Brief: Give an exact copy of the data that follows.
● ● ●
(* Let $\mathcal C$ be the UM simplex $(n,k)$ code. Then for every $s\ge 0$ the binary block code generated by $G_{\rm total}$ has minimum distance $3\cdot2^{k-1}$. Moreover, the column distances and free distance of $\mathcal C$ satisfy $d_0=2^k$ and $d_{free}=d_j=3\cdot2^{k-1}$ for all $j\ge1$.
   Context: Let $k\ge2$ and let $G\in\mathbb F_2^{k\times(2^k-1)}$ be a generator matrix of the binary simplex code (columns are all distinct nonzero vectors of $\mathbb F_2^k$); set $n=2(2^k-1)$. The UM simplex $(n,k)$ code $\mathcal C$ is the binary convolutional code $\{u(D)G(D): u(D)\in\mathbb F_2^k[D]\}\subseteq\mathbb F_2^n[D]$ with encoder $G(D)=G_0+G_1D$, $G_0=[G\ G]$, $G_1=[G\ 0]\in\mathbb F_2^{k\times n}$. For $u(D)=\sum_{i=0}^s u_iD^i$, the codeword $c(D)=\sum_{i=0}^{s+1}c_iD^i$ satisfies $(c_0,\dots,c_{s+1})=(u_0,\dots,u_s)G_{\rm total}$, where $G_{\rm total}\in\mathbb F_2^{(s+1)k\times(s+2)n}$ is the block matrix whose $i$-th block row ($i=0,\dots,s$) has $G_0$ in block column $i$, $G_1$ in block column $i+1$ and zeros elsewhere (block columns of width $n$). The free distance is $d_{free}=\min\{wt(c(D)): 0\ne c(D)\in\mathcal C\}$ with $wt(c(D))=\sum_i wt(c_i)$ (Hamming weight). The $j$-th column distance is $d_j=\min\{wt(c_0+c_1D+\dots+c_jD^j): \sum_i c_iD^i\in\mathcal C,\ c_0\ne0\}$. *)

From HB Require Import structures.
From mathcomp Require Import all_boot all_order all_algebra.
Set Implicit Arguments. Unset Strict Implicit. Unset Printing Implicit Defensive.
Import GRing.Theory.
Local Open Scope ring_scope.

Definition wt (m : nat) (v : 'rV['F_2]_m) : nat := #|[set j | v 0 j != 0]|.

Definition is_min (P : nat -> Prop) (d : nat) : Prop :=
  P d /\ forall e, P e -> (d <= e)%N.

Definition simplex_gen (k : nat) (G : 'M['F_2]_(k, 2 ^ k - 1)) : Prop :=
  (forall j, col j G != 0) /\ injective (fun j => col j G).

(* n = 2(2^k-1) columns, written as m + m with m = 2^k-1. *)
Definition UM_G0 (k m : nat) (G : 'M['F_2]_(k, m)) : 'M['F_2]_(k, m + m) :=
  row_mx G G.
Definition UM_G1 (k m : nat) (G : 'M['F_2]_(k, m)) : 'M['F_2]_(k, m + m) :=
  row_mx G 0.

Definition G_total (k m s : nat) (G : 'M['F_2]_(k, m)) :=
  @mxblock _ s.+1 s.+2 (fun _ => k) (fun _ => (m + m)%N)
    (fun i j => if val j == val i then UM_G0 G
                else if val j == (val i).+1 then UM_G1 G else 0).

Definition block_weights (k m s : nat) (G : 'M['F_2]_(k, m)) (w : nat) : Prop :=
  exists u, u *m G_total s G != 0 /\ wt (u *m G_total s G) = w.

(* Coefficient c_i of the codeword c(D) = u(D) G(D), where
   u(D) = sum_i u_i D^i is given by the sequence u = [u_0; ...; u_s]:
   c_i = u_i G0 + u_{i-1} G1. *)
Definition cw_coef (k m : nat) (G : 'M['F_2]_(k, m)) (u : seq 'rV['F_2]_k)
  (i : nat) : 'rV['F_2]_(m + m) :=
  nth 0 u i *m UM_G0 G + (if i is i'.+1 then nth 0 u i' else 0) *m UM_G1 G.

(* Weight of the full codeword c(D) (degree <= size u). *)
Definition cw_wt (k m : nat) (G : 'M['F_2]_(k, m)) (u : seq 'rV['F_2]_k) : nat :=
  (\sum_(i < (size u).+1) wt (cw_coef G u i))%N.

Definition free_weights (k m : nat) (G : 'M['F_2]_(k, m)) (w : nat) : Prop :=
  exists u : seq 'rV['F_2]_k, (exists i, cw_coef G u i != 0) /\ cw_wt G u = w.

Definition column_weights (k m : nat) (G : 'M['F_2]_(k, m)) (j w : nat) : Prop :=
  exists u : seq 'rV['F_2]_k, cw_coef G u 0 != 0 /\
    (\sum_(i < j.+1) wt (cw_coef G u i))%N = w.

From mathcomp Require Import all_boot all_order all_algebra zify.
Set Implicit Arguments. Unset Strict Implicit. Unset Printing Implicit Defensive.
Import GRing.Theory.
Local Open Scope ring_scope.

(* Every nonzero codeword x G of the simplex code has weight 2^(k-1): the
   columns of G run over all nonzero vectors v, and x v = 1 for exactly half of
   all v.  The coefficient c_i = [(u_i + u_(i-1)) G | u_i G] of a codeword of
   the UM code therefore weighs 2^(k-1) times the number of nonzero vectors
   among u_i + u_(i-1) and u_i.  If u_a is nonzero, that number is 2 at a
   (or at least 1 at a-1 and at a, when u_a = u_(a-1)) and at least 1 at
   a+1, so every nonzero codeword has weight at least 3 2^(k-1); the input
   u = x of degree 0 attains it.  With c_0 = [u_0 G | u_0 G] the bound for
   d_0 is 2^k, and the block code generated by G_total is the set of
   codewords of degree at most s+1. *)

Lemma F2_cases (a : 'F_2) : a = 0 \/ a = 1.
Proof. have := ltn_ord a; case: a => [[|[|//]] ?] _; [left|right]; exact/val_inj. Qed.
● ● ●
Answer below:
(* Let $\mathcal C$ be the UM simplex $(n,k)$ code. Then for every $s\ge 0$ the binary block code generated by $G_{\rm total}$ has minimum distance $3\cdot2^{k-1}$. Moreover, the column distances and free distance of $\mathcal C$ satisfy $d_0=2^k$ and $d_{free}=d_j=3\cdot2^{k-1}$ for all $j\ge1$.
   Context: Let $k\ge2$ and let $G\in\mathbb F_2^{k\times(2^k-1)}$ be a generator matrix of the binary simplex code (columns are all distinct nonzero vectors of $\mathbb F_2^k$); set $n=2(2^k-1)$. The UM simplex $(n,k)$ code $\mathcal C$ is the binary convolutional code $\{u(D)G(D): u(D)\in\mathbb F_2^k[D]\}\subseteq\mathbb F_2^n[D]$ with encoder $G(D)=G_0+G_1D$, $G_0=[G\ G]$, $G_1=[G\ 0]\in\mathbb F_2^{k\times n}$. For $u(D)=\sum_{i=0}^s u_iD^i$, the codeword $c(D)=\sum_{i=0}^{s+1}c_iD^i$ satisfies $(c_0,\dots,c_{s+1})=(u_0,\dots,u_s)G_{\rm total}$, where $G_{\rm total}\in\mathbb F_2^{(s+1)k\times(s+2)n}$ is the block matrix whose $i$-th block row ($i=0,\dots,s$) has $G_0$ in block column $i$, $G_1$ in block column $i+1$ and zeros elsewhere (block columns of width $n$). The free distance is $d_{free}=\min\{wt(c(D)): 0\ne c(D)\in\mathcal C\}$ with $wt(c(D))=\sum_i wt(c_i)$ (Hamming weight). The $j$-th column distance is $d_j=\min\{wt(c_0+c_1D+\dots+c_jD^j): \sum_i c_iD^i\in\mathcal C,\ c_0\ne0\}$. *)

From HB Require Import structures.
From mathcomp Require Import all_boot all_order all_algebra.
Set Implicit Arguments. Unset Strict Implicit. Unset Printing Implicit Defensive.
Import GRing.Theory.
Local Open Scope ring_scope.

Definition wt (m : nat) (v : 'rV['F_2]_m) : nat := #|[set j | v 0 j != 0]|.

Definition is_min (P : nat -> Prop) (d : nat) : Prop :=
  P d /\ forall e, P e -> (d <= e)%N.

Definition simplex_gen (k : nat) (G : 'M['F_2]_(k, 2 ^ k - 1)) : Prop :=
  (forall j, col j G != 0) /\ injective (fun j => col j G).

(* n = 2(2^k-1) columns, written as m + m with m = 2^k-1. *)
Definition UM_G0 (k m : nat) (G : 'M['F_2]_(k, m)) : 'M['F_2]_(k, m + m) :=
  row_mx G G.
Definition UM_G1 (k m : nat) (G : 'M['F_2]_(k, m)) : 'M['F_2]_(k, m + m) :=
  row_mx G 0.

Definition G_total (k m s : nat) (G : 'M['F_2]_(k, m)) :=
  @mxblock _ s.+1 s.+2 (fun _ => k) (fun _ => (m + m)%N)
    (fun i j => if val j == val i then UM_G0 G
                else if val j == (val i).+1 then UM_G1 G else 0).

Definition block_weights (k m s : nat) (G : 'M['F_2]_(k, m)) (w : nat) : Prop :=
  exists u, u *m G_total s G != 0 /\ wt (u *m G_total s G) = w.

(* Coefficient c_i of the codeword c(D) = u(D) G(D), where
   u(D) = sum_i u_i D^i is given by the sequence u = [u_0; ...; u_s]:
   c_i = u_i G0 + u_{i-1} G1. *)
Definition cw_coef (k m : nat) (G : 'M['F_2]_(k, m)) (u : seq 'rV['F_2]_k)
  (i : nat) : 'rV['F_2]_(m + m) :=
  nth 0 u i *m UM_G0 G + (if i is i'.+1 then nth 0 u i' else 0) *m UM_G1 G.

(* Weight of the full codeword c(D) (degree <= size u). *)
Definition cw_wt (k m : nat) (G : 'M['F_2]_(k, m)) (u : seq 'rV['F_2]_k) : nat :=
  (\sum_(i < (size u).+1) wt (cw_coef G u i))%N.

Definition free_weights (k m : nat) (G : 'M['F_2]_(k, m)) (w : nat) : Prop :=
  exists u : seq 'rV['F_2]_k, (exists i, cw_coef G u i != 0) /\ cw_wt G u = w.

Definition column_weights (k m : nat) (G : 'M['F_2]_(k, m)) (j w : nat) : Prop :=
  exists u : seq 'rV['F_2]_k, cw_coef G u 0 != 0 /\
    (\sum_(i < j.+1) wt (cw_coef G u i))%N = w.

From mathcomp Require Import all_boot all_order all_algebra zify.
Set Implicit Arguments. Unset Strict Implicit. Unset Printing Implicit Defensive.
Import GRing.Theory.
Local Open Scope ring_scope.

(* Every nonzero codeword x G of the simplex code has weight 2^(k-1): the
   columns of G run over all nonzero vectors v, and x v = 1 for exactly half of
   all v.  The coefficient c_i = [(u_i + u_(i-1)) G | u_i G] of a codeword of
   the UM code therefore weighs 2^(k-1) times the number of nonzero vectors
   among u_i + u_(i-1) and u_i.  If u_a is nonzero, that number is 2 at a
   (or at least 1 at a-1 and at a, when u_a = u_(a-1)) and at least 1 at
   a+1, so every nonzero codeword has weight at least 3 2^(k-1); the input
   u = x of degree 0 attains it.  With c_0 = [u_0 G | u_0 G] the bound for
   d_0 is 2^k, and the block code generated by G_total is the set of
   codewords of degree at most s+1. *)

Lemma F2_cases (a : 'F_2) : a = 0 \/ a = 1.
Proof. have := ltn_ord a; case: a => [[|[|//]] ?] _; [left|right]; exact/val_inj. Qed.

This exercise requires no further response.